───── Entries shown ─────
(* The family $\mathcal{A}$ of all infinite subsets of $\mathbb{N}^{<\mathbb{N}}$ which contain no infinite chain is an M-family.
   Context: $\mathbb{N}^{<\mathbb{N}}$ is the tree of finite sequences of naturals ordered by end-extension $\sqsubset$; a chain is a subset linearly ordered by $\sqsubseteq$. An M-family is a hereditary (closed under infinite subsets) family $\mathcal{A}$ of infinite subsets such that for every sequence $(A_n)_n$ in $\mathcal{A}$ there is $A\in\mathcal{A}$ with $A\setminus\bigcup_{i\ge n}A_i$ finite for every $n$. *)

(* N^{<N} is modelled as [list nat]; subsets as predicates. *)
From Stdlib Require Import List Arith.
Import ListNotations.

Definition finite_set {X : Type} (S : X -> Prop) : Prop :=
  exists l : list X, forall x, S x -> In x l.

Definition infinite_set {X : Type} (S : X -> Prop) : Prop := ~ finite_set S.

Definition subset {X : Type} (B A : X -> Prop) : Prop := forall x, B x -> A x.

Definition seq_le (s t : list nat) : Prop := exists u, t = s ++ u.

Definition is_chain (C : list nat -> Prop) : Prop :=
  forall s t, C s -> C t -> seq_le s t \/ seq_le t s.

Definition M_family {X : Type} (F : (X -> Prop) -> Prop) : Prop :=
  (forall A, F A -> infinite_set A) /\
  (forall A B, F A -> subset B A -> infinite_set B -> F B) /\
  (forall An : nat -> (X -> Prop), (forall n, F (An n)) ->
     exists A, F A /\
       forall n, finite_set (fun x => A x /\ ~ (exists i, n <= i /\ An i x))).

Definition no_inf_chain_family (A : list nat -> Prop) : Prop :=
  infinite_set A /\
  ~ (exists C, subset C A /\ infinite_set C /\ is_chain C).

(* For the diagonal property,
   given (A_n)_n in the family we build an infinite antichain a_0, a_1, ...
   with a_k in A_{n_k} for indices n_k >= k; its range A is again in the
   family (a chain inside an antichain has at most one point), and
   A \ U_{i>=n} A_i lies inside {a_0, ..., a_{n-1}}.

   The antichain is built by dependent choice over "stages": a stage records
   the points chosen so far, a lower bound for the next index, and an
   unbounded set M of indices m such that infinitely many points of A_m are
   incomparable with every chosen point.  To extend a stage, pick n in M; the
   surviving points of A_n form an infinite set, hence not a chain, so they
   contain two incomparable points a, a'.  Almost every point is incomparable
   with a or with a' (the exceptions are prefixes of a or a'), so one of them,
   say b, keeps infinitely many survivors in A_m for unboundedly many m > n;
   we choose b and restrict M accordingly. *)

From Stdlib Require Import List Arith Lia FinFun Classical ClassicalEpsilon.
Import ListNotations.

Lemma dependent_choice {T L : Type} (P : T -> Prop) (R : T -> L -> T -> Prop)
    (s0 : T) :
  P s0 -> (forall s, P s -> exists x s', R s x s' /\ P s') ->
  exists (f : nat -> T) (g : nat -> L),
    f 0 = s0 /\ forall k, P (f k) /\ R (f k) (g k) (f (S k)).
Proof.
  intros H0 Hstep.
  assert (Hnext : forall s : sig P,
            exists p : L * sig P, R (proj1_sig s) (fst p) (proj1_sig (snd p))).
  { intros [s Hs]. destruct (Hstep s Hs) as [x [s' [HR Hs']]].
    exists (x, exist _ s' Hs'). exact HR. }
  set (next := fun s => proj1_sig (constructive_indefinite_description _ (Hnext s))).
  set (F := fun k => Nat.iter k (fun s => snd (next s)) (exist P s0 H0)).
  exists (fun k => proj1_sig (F k)), (fun k => fst (next (F k))).
  split; [reflexivity|]. intros k. split.
  - exact (proj2_sig (F k)).
  - exact (proj2_sig (constructive_indefinite_description _ (Hnext (F k)))).
Qed.

Lemma finite_subset {X : Type} (S T : X -> Prop) :
  finite_set T -> subset S T -> finite_set S.
Proof. intros [l Hl] HST. exists l. intros x Hx. apply Hl, HST, Hx. Qed.

Lemma infinite_mono {X : Type} (S T : X -> Prop) :
  infinite_set S -> subset S T -> infinite_set T.
Proof. intros HS HST HT. apply HS. exact (finite_subset S T HT HST). Qed.

Lemma finite_union {X : Type} (S T : X -> Prop) :
  finite_set S -> finite_set T -> finite_set (fun x => S x \/ T x).
Proof.
  intros [l Hl] [l' Hl']. exists (l ++ l'). intros x [Hx|Hx];
    apply in_or_app; [left; apply Hl | right; apply Hl']; exact Hx.
Qed.

Lemma injective_range_infinite {X : Type} (a : nat -> X) :
  (forall j k, a j = a k -> j = k) -> infinite_set (fun x => exists k, x = a k).
Proof.
  intros Hinj [l Hl].
  assert (Hle : length (map a (seq 0 (S (length l)))) <= length l).
  { apply NoDup_incl_length.
    - apply Injective_map_NoDup; [exact Hinj | apply seq_NoDup].
    - intros x Hx. apply in_map_iff in Hx. destruct Hx as [k [<- _]].
      apply Hl. eauto. }
  rewrite length_map, length_seq in Hle. lia.
Qed.

Definition incomp (x y : list nat) : Prop := ~ seq_le x y /\ ~ seq_le y x.

Lemma seq_le_refl (x : list nat) : seq_le x x.
Proof. exists []. now rewrite app_nil_r. Qed.

Lemma incomp_irrefl (x : list nat) : ~ incomp x x.
Proof. intros [H _]. apply H, seq_le_refl. Qed.

Lemma prefixes_finite (a : list nat) : finite_set (fun x => seq_le x a).
Proof.
  exists (map (fun k => firstn k a) (seq 0 (S (length a)))).
  intros x [u Hu]. apply in_map_iff. exists (length x). split.
  - subst a. rewrite firstn_app, Nat.sub_diag, firstn_O, app_nil_r.
    apply firstn_all.
  - apply in_seq. subst a. rewrite length_app. lia.
Qed.

Lemma predecessors_comparable (a b x : list nat) :
  seq_le a x -> seq_le b x -> seq_le a b \/ seq_le b a.
Proof.
  intros [u Hu] [v Hv]. rewrite Hu in Hv.
  destruct (app_eq_app _ _ _ _ Hv) as [l [[H1 _]|[H1 _]]].
  - right. exists l. exact H1.
  - left. exists l. exact H1.
Qed.

Lemma comparable_with_incomparable_pair (a a' x : list nat) :
  incomp a a' -> ~ incomp a x -> ~ incomp a' x -> seq_le x a \/ seq_le x a'.
Proof.
  intros Haa' Hx Hx'. unfold incomp in *.
  destruct (classic (seq_le x a)) as [H|H]; [now left|].
  destruct (classic (seq_le x a')) as [H'|H']; [now right|].
  assert (Hax : seq_le a x) by (apply NNPP; tauto).
  assert (Hax' : seq_le a' x) by (apply NNPP; tauto).
  destruct (predecessors_comparable a a' x Hax Hax'); tauto.
Qed.

Lemma split_infinite (I : list nat -> Prop) (a a' : list nat) :
  incomp a a' -> infinite_set I ->
  infinite_set (fun x => I x /\ incomp a x) \/
  infinite_set (fun x => I x /\ incomp a' x).
Proof.
  intros Haa' HI.
  destruct (classic (infinite_set (fun x => I x /\ incomp a x))) as [H|H]; auto.
  right. intros Hfin'. apply NNPP in H. apply HI.
  apply (finite_subset _ _
    (finite_union _ _ (finite_union _ _ H Hfin')
                      (finite_union _ _ (prefixes_finite a) (prefixes_finite a')))).
  intros x Hx.
  destruct (classic (incomp a x)); [left; left; auto|].
  destruct (classic (incomp a' x)); [left; right; auto|].
  right. exact (comparable_with_incomparable_pair a a' x Haa' ltac:(auto) ltac:(auto)).
Qed.

Lemma incomparable_pair (A I : list nat -> Prop) :
  no_inf_chain_family A -> subset I A -> infinite_set I ->
  exists a a', I a /\ I a' /\ incomp a a'.
Proof.
  intros [_ Hno] HIA HI. apply NNPP. intros Hnone. apply Hno.
  exists I. split; [exact HIA|]. split; [exact HI|].
  intros s t Hs Ht. apply NNPP. intros Hst. apply Hnone.
  exists s, t. unfold incomp. tauto.
Qed.

Lemma chain_in_antichain_finite (S C : list nat -> Prop) :
  (forall x y, S x -> S y -> x <> y -> incomp x y) ->
  subset C S -> is_chain C -> finite_set C.
Proof.
  intros Hanti HCS Hchain.
  destruct (classic (exists x, C x)) as [[x Hx]|Hempty].
  - exists [x]. intros y Hy. left. apply NNPP. intros Hxy.
    destruct (Hanti x y (HCS x Hx) (HCS y Hy) Hxy).
    destruct (Hchain x y Hx Hy); tauto.
  - exists []. intros y Hy. apply Hempty. eauto.
Qed.

Definition unbounded (M : nat -> Prop) : Prop := forall k, exists m, k <= m /\ M m.

Lemma unbounded_tail (M : nat -> Prop) (n : nat) :
  unbounded M -> unbounded (fun m => M m /\ n < m).
Proof.
  intros HM k. destruct (HM (S n + k)) as [m [Hm HMm]].
  exists m. split; [lia | split; [exact HMm | lia]].
Qed.

Lemma unbounded_split (M P Q : nat -> Prop) :
  unbounded M -> (forall m, M m -> P m \/ Q m) -> unbounded P \/ unbounded Q.
Proof.
  intros HM Hcover.
  destruct (classic (unbounded P)) as [HP|HP]; [now left|]. right.
  apply not_all_ex_not in HP. destruct HP as [k0 Hk0]. intros k.
  destruct (HM (k + k0)) as [m [Hm HMm]]. exists m. split; [lia|].
  destruct (Hcover m HMm) as [HPm|HQm]; [|exact HQm].
  exfalso. apply Hk0. exists m. split; [lia | exact HPm].
Qed.

Definition fresh (F : list (list nat)) (x : list nat) : Prop :=
  forall f, In f F -> incomp f x.

Definition survivors (An : nat -> list nat -> Prop) (F : list (list nat)) (m : nat)
    : list nat -> Prop :=
  fun x => An m x /\ fresh F x.

Record stage : Type := Stage {
  chosen : list (list nat);
  floor : nat;
  active : nat -> Prop
}.

Definition good (An : nat -> list nat -> Prop) (s : stage) : Prop :=
  (forall m, active s m -> floor s <= m) /\ unbounded (active s) /\
  (forall m, active s m -> infinite_set (survivors An (chosen s) m)).

Definition extends (An : nat -> list nat -> Prop) (s : stage) (a : list nat)
    (n : nat) (s' : stage) : Prop :=
  active s n /\ An n a /\ fresh (chosen s) a /\
  chosen s' = a :: chosen s /\ floor s' = S n.

Lemma good_extends (An : nat -> list nat -> Prop) (s : stage) :
  (forall m, no_inf_chain_family (An m)) -> good An s ->
  exists (p : list nat * nat) (s' : stage),
    extends An s (fst p) (snd p) s' /\ good An s'.
Proof.
  intros Hfam [Hfloor [Hunb Hsurv]].
  destruct (Hunb 0) as [n [_ Hn]].
  destruct (incomparable_pair (An n) (survivors An (chosen s) n) (Hfam n)
              (fun x Hx => proj1 Hx) (Hsurv n Hn)) as [a [a' [Ha [Ha' Haa']]]].
  set (keeps := fun b m => active s m /\ n < m /\
                  infinite_set (survivors An (b :: chosen s) m)).
  assert (Hkeeps : forall b m,
            active s m -> n < m ->
            infinite_set (fun x => survivors An (chosen s) m x /\ incomp b x) ->
            keeps b m).
  { intros b m Hm Hnm Hinf. split; [exact Hm | split; [exact Hnm|]].
    apply (infinite_mono _ _ Hinf). intros x [[HAx Hfx] Hbx].
    split; [exact HAx|]. intros f [<-|Hf]; auto. }
  assert (Hchoice : unbounded (keeps a) \/ unbounded (keeps a')).
  { apply (unbounded_split _ _ _ (unbounded_tail _ n Hunb)).
    intros m [Hm Hnm].
    destruct (split_infinite _ a a' Haa' (Hsurv m Hm)) as [H|H];
      [left | right]; eapply Hkeeps; eauto. }
  assert (Hnext : forall b, survivors An (chosen s) n b -> unbounded (keeps b) ->
            exists (p : list nat * nat) (s' : stage),
              extends An s (fst p) (snd p) s' /\ good An s').
  { intros b [HAb Hfb] Hkb. exists (b, n), (Stage (b :: chosen s) (S n) (keeps b)).
    split; [unfold extends; simpl; auto|].
    split; [|split; [exact Hkb|]].
    - intros m [_ [Hnm _]]. exact Hnm.
    - intros m [_ [_ Hm]]. exact Hm. }
  destruct Hchoice; [apply (Hnext a) | apply (Hnext a')]; assumption.
Qed.
Section ChosenSequence.

Variable An : nat -> list nat -> Prop.
Variables (f : nat -> stage) (g : nat -> list nat * nat).
Hypothesis steps : forall k,
  good An (f k) /\ extends An (f k) (fst (g k)) (snd (g k)) (f (S k)).

Lemma earlier_points_chosen (j k : nat) : j < k -> In (fst (g j)) (chosen (f k)).
Proof.
  induction k as [|k IH]; intros Hjk; [lia|].
  destruct (steps k) as [_ [_ [_ [_ [Hch _]]]]]. rewrite Hch.
  destruct (Nat.eq_dec j k) as [->|Hne]; [now left | right; apply IH; lia].
Qed.

Lemma chosen_points_incomparable (j k : nat) :
  j < k -> incomp (fst (g j)) (fst (g k)).
Proof.
  intros Hjk. destruct (steps k) as [_ [_ [_ [Hfresh _]]]].
  exact (Hfresh _ (earlier_points_chosen j k Hjk)).
Qed.

Hypothesis floor_start : floor (f 0) = 0.

Lemma floor_grows (k : nat) : k <= floor (f k).
Proof.
  induction k as [|k IH]; [lia|].
  destruct (steps k) as [[Hfloor _] [Hn [_ [_ [_ Hfl]]]]].
  specialize (Hfloor _ Hn). rewrite Hfl. lia.
Qed.

Lemma chosen_index_large (k : nat) : k <= snd (g k).
Proof.
  destruct (steps k) as [[Hfloor _] [Hn _]].
  specialize (Hfloor _ Hn). pose proof (floor_grows k). lia.
Qed.

End ChosenSequence.

Lemma antichain_sequence (An : nat -> list nat -> Prop) :
  (forall m, no_inf_chain_family (An m)) ->
  exists (a : nat -> list nat) (idx : nat -> nat),
    (forall k, An (idx k) (a k) /\ k <= idx k) /\
    (forall j k, j < k -> incomp (a j) (a k)).
Proof.
  intros Hfam.
  set (s0 := Stage [] 0 (fun _ => True)).
  assert (Hs0 : good An s0).
  { split; [intros; simpl; lia | split].
    - intros k. exists k. simpl. auto.
    - intros m _. apply (infinite_mono _ _ (proj1 (Hfam m))).
      intros x Hx. split; [exact Hx | intros ? []]. }
  destruct (dependent_choice (good An)
              (fun s p s' => extends An s (fst p) (snd p) s') s0 Hs0
              (fun s => good_extends An s Hfam)) as [f [g [Hf0 Hsteps]]].
  assert (Hfloor0 : floor (f 0) = 0) by (rewrite Hf0; reflexivity).
  exists (fun k => fst (g k)), (fun k => snd (g k)). split.
  - intros k. split; [apply (Hsteps k) | exact (chosen_index_large An f g Hsteps Hfloor0 k)].
  - exact (chosen_points_incomparable An f g Hsteps).
Qed.

Lemma antichain_range_in_family (a : nat -> list nat) :
  (forall j k, j < k -> incomp (a j) (a k)) ->
  no_inf_chain_family (fun x => exists k, x = a k).
Proof.
  intros Hanti.
  assert (Hdistinct : forall j k, j <> k -> incomp (a j) (a k)).
  { intros j k Hjk. destruct (Nat.lt_total j k) as [H|[H|H]].
    - exact (Hanti j k H).
    - contradiction.
    - destruct (Hanti k j H). split; assumption. }
  split.
  - apply injective_range_infinite. intros j k Hjk. apply NNPP. intros Hne.
    apply (incomp_irrefl (a k)). rewrite <- Hjk at 1. exact (Hdistinct j k Hne).
  - intros [C [HC [Hinf Hchain]]]. apply Hinf.
    apply (chain_in_antichain_finite (fun x => exists k, x = a k) C); [|exact HC | exact Hchain].
    intros x y [j ->] [k ->] Hxy. apply Hdistinct. intros ->. exact (Hxy eq_refl).
Qed.

(* Since a_k lies in A_{n_k} with n_k >= k, only a_0, ..., a_{n-1} can miss
   the tail union U_{i>=n} A_i. *)
Lemma range_almost_in_tails (An : nat -> list nat -> Prop) (a : nat -> list nat)
    (idx : nat -> nat) :
  (forall k, An (idx k) (a k) /\ k <= idx k) ->
  forall n, finite_set (fun x => (exists k, x = a k) /\ ~ (exists i, n <= i /\ An i x)).
Proof.
  intros Hidx n. exists (map a (seq 0 n)). intros x [[k ->] Hout].
  apply in_map_iff. exists k. split; [reflexivity|]. apply in_seq.
  destruct (le_lt_dec n k) as [Hnk|Hkn]; [|lia].
  exfalso. apply Hout. exists (idx k).
  destruct (Hidx k) as [HA Hk]. split; [lia | exact HA].
Qed.

Lemma no_inf_chain_hereditary (A B : list nat -> Prop) :
  no_inf_chain_family A -> subset B A -> infinite_set B -> no_inf_chain_family B.
Proof.
  intros [_ HA] HBA HB. split; [exact HB|].
  intros [C [HCB HC]]. apply HA. exists C. split; [|exact HC].
  intros x Hx. apply HBA, HCB, Hx.
Qed.

Theorem mainTheorem18 : M_family no_inf_chain_family.
Proof.
  split; [|split].
  - intros A [Hinf _]. exact Hinf.
  - exact no_inf_chain_hereditary.
  - intros An Hfam.
    destruct (antichain_sequence An Hfam) as [a [idx [Hidx Hanti]]].
    exists (fun x => exists k, x = a k). split.
    + exact (antichain_range_in_family a Hanti).
    + exact (range_almost_in_tails An a idx Hidx).
Qed.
─────
### Exercise
Each line above that holds the string "Require" should be copied and shown.

### Written response
From Stdlib Require Import List Arith.
From Stdlib Require Import List Arith Lia FinFun Classical ClassicalEpsilon.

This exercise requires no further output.